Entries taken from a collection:

(* Assume $d=p+q-2r=0$ and let $\lambda,\mu\in\mathbb R$, $\delta=\mu-\lambda$. For every $t\in\mathbb R$, the map $Q:\mathcal S^1_\delta\to\mathcal D_{\lambda,\mu}$, $Q(S)=Q_{\mathrm{Aff}}\big(S+t\,\mathrm{div}(S)\big)$, satisfies $\mathcal L_{X^h}(Q(S))=Q(\mathrm L_{X^h}S)$ for all $S\in\mathcal S^1_\delta$ and all $h\in\mathfrak{osp}(p+1,q+1|2r)$; i.e. it defines an $\mathfrak{osp}(p+1,q+1|2r)$-equivariant quantization on symbols of degree one.
   Context: On $\mathbb R^{p+q|2r}$ use coordinates $y^1,\dots,y^{p+q+2r}$ ($y^i$ even iff $i\le p+q$); $\tilde i=0$ if $i\le p+q$, $1$ otherwise. $\mathcal F=C^\infty(\mathbb R^{p+q|2r})$; $(e_i)$ standard basis, $(\varepsilon^i)$ dual basis. $\omega_0(U,V)=V^tG_0U$, $G_0=\mathrm{diag}(\mathrm{Id}_p,-\mathrm{Id}_q,J)$, $J=\begin{pmatrix}0&\mathrm{Id}_r\\-\mathrm{Id}_r&0\end{pmatrix}$; $\sharp$ inverse of $v\mapsto\omega_0(v,\cdot)$. $\mathcal S^k_\delta=\mathcal F\otimes B^\delta\otimes S^k$ ($S^k$ = $k$-th supersymmetric power, $B^\delta=\mathbb Ru$ even line) with $\mathrm L_X(f\otimes v)=X(f)\otimes v+(-1)^{\tilde X\tilde f}\sum_{i,j}fJ^j_i\otimes\rho(e^i_j)v$, $J^j_i=(-1)^{\tilde i\tilde X+1}\partial_{y^i}X^j$, $e^i_j(e_k)=\delta^i_ke_j$, $\rho(A)$ acting on $S^k$ by super-derivations induced by $A$ and on $u$ by $-\delta\,\mathrm{str}(A)$. $\mathcal F_\lambda$ = $\mathcal F$ with $\mathrm L^\lambda_Xf=X(f)+\lambda\,\mathrm{div}(X)f$, $\mathrm{div}(X)=\sum_i(-1)^{\tilde i\widetilde{X^i}}\partial_{y^i}X^i$; $\mathcal D_{\lambda,\mu}$ = differential operators $\mathcal F_\lambda\to\mathcal F_\mu$ with $\mathcal L_XD=\mathrm L^\mu_X\circ D-(-1)^{\tilde X\tilde D}D\circ\mathrm L^\lambda_X$; $Q_{\mathrm{Aff}}$ is the inverse of the total symbol map $\sum_\alpha f_\alpha\partial_{y^1}^{\alpha_1}\cdots\partial_{y^{p+q+2r}}^{\alpha_{p+q+2r}}\mapsto\sum_\alpha f_\alpha\otimes e_1^{\alpha_1}\vee\cdots\vee e_{p+q+2r}^{\alpha_{p+q+2r}}$. On symbols, $\mathrm{div}(S)=\sum_j(-1)^{\tilde j}\mathrm i(\varepsilon^j)\partial_{y^j}S$, with $\mathrm i(\varepsilon)(v_1\vee\cdots\vee v_k)=\sum_a(-1)^{\tilde\varepsilon\sum_{b<a}\tilde v_b}\langle\varepsilon,v_a\rangle v_1\vee\cdots\widehat{v_a}\cdots\vee v_k$. $\mathfrak{osp}(p+1,q+1|2r)=\mathfrak g_{-1}\oplus\mathfrak g_0\oplus\mathfrak g_1$ is realized by $X^h=-\sum_ih^i\partial_{y^i}$ ($h\in\mathfrak g_{-1}=\mathbb R^{p+q|2r}$), $X^h=-\sum_{i,j}(-1)^{\tilde j(\tilde i+\tilde j)}h^i_jy^j\partial_{y^i}$ ($h\in\mathfrak g_0=\mathfrak{osp}(p,q|2r)\oplus\mathbb R\mathrm{Id}$, $\mathfrak{osp}(p,q|2r)$ the matrices preserving $\omega_0$), $X^h=\sum_jh_jy^j(-1)^{\tilde j}\mathcal E+\frac12F_0(y)X^{h^\sharp}$ ($h\in\mathfrak g_1=(\mathbb R^{p+q|2r})^*$), $\mathcal E=\sum_iy^i\partial_{y^i}$, $F_0(y)=\sum_{i\le p}(y^i)^2-\sum_{i=p+1}^{p+q}(y^i)^2+2\sum_{i=p+q+1}^{p+q+r}y^iy^{i+r}$. *)

From Stdlib Require Import Reals List Arith Bool ClassicalEpsilon.
Open Scope R_scope.

(* Conventions.  Coordinates on R^{m|N} (m = p+q, N = 2r) are indexed  *)
(* from 0: y^k for k < m are even, y^k for m <= k < m+N are odd; the   *)
(* paper's y^{k+1} is our y^k.  The odd coordinate y^{m+a} is written  *)
(* xi_a (a < N).                                                       *)
(* A superfunction f in C^oo(R^{m|N}) = C^oo(R^m) (x) Lambda[xi_0..]   *)
(* is given by its components f K : (nat -> R) -> R, K < 2^N a bitmask *)
(* encoding the monomial xi_{a1} ... xi_{ak} (a1 < ... < ak).          *)

Definition pt := nat -> R.
Definition SF := nat -> pt -> R.
Definition VF := nat -> SF.   (* X = sum_k X k * d/dy^k *)
Definition Op := SF -> SF.

Definition Rsum (n : nat) (F : nat -> R) : R :=
  fold_right Rplus 0 (map F (seq 0 n)).

Definition sgn (b : bool) : R := if b then -1 else 1.

Definition par (m k : nat) : bool := Nat.leb m k.

Definition upd (x : pt) (i : nat) (s : R) : pt :=
  fun j => if Nat.eqb j i then s else x j.

Definition pd (i : nat) (g : pt -> R) (x : pt) : R :=
  epsilon (inhabits 0) (fun l => derivable_pt_lim (fun s => g (upd x i s)) (x i) l).

Definition iter_pd (L : list nat) (g : pt -> R) : pt -> R :=
  fold_right (fun i h => pd i h) g L.

Definition cont_at (m : nat) (g : pt -> R) (x : pt) : Prop :=
  forall eps, eps > 0 -> exists del, del > 0 /\
    forall y, (forall i, (i < m)%nat -> Rabs (y i - x i) < del) ->
      Rabs (g y - g x) < eps.

Definition Smooth (m : nat) (g : pt -> R) : Prop :=
  forall L : list nat, Forall (fun i => (i < m)%nat) L ->
    (forall x, cont_at m (iter_pd L g) x) /\
    (forall i x, (i < m)%nat -> exists l,
        derivable_pt_lim (fun s => iter_pd L g (upd x i s)) (x i) l).

Definition OnRm (m : nat) (g : pt -> R) : Prop :=
  forall x y, (forall i, (i < m)%nat -> x i = y i) -> g x = g y.

Definition IsSF (m : nat) (f : SF) : Prop :=
  forall K, Smooth m (f K) /\ OnRm m (f K).

Definition popc (N K : nat) : nat :=
  length (filter (fun a => Nat.testbit K a) (seq 0 N)).

Definition cross (N I J : nat) : nat :=
  length (filter (fun ab => Nat.testbit I (fst ab) && Nat.testbit J (snd ab)
                            && Nat.ltb (snd ab) (fst ab))
                 (list_prod (seq 0 N) (seq 0 N))).

Definition sfadd (f g : SF) : SF := fun K x => f K x + g K x.
Definition sfscal (c : R) (f : SF) : SF := fun K x => c * f K x.
Definition sfsum (n : nat) (F : nat -> SF) : SF :=
  fun K x => Rsum n (fun k => F k K x).
Definition sfconst (c : R) : SF := fun K _ => if Nat.eqb K 0 then c else 0.

(* supercommutative product xi_I xi_J = (-1)^{cross I J} xi_{I u J} *)
Definition sfmul (N : nat) (f g : SF) : SF := fun K x =>
  Rsum (Nat.pow 2 N) (fun I =>
    if Nat.eqb (Nat.land I K) I
    then (-1) ^ (cross N I (Nat.lxor K I)) * f I x * g (Nat.lxor K I) x
    else 0).

Definition alpha (N : nat) (f : SF) : SF := fun K x => (-1) ^ (popc N K) * f K x.
Definition alphaIf (N : nat) (b : bool) (f : SF) : SF := if b then alpha N f else f.
Definition evpart (N : nat) (f : SF) : SF :=
  fun K x => if Nat.even (popc N K) then f K x else 0.
Definition oddpart (N : nat) (f : SF) : SF :=
  fun K x => if Nat.even (popc N K) then 0 else f K x.

(* left partial derivatives *)
Definition dEv (i : nat) (f : SF) : SF := fun K => pd i (f K).
Definition dOd (a : nat) (f : SF) : SF := fun K x =>
  if Nat.testbit K a then 0
  else (-1) ^ (popc a K) * f (Nat.lor K (Nat.pow 2 a)) x.
Definition dd (m k : nat) (f : SF) : SF :=
  if Nat.ltb k m then dEv k f else dOd (k - m) f.

Definition coord (m k : nat) : SF :=
  if Nat.ltb k m then (fun K x => if Nat.eqb K 0 then x k else 0)
  else (fun K _ => if Nat.eqb K (Nat.pow 2 (k - m)) then 1 else 0).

PROBLEM DESCRIPTION
Some lines in the data above hold the string "exists". Find and copy each of them.

WRITTEN RESPONSE
  forall eps, eps > 0 -> exists del, del > 0 /\
    (forall i x, (i < m)%nat -> exists l,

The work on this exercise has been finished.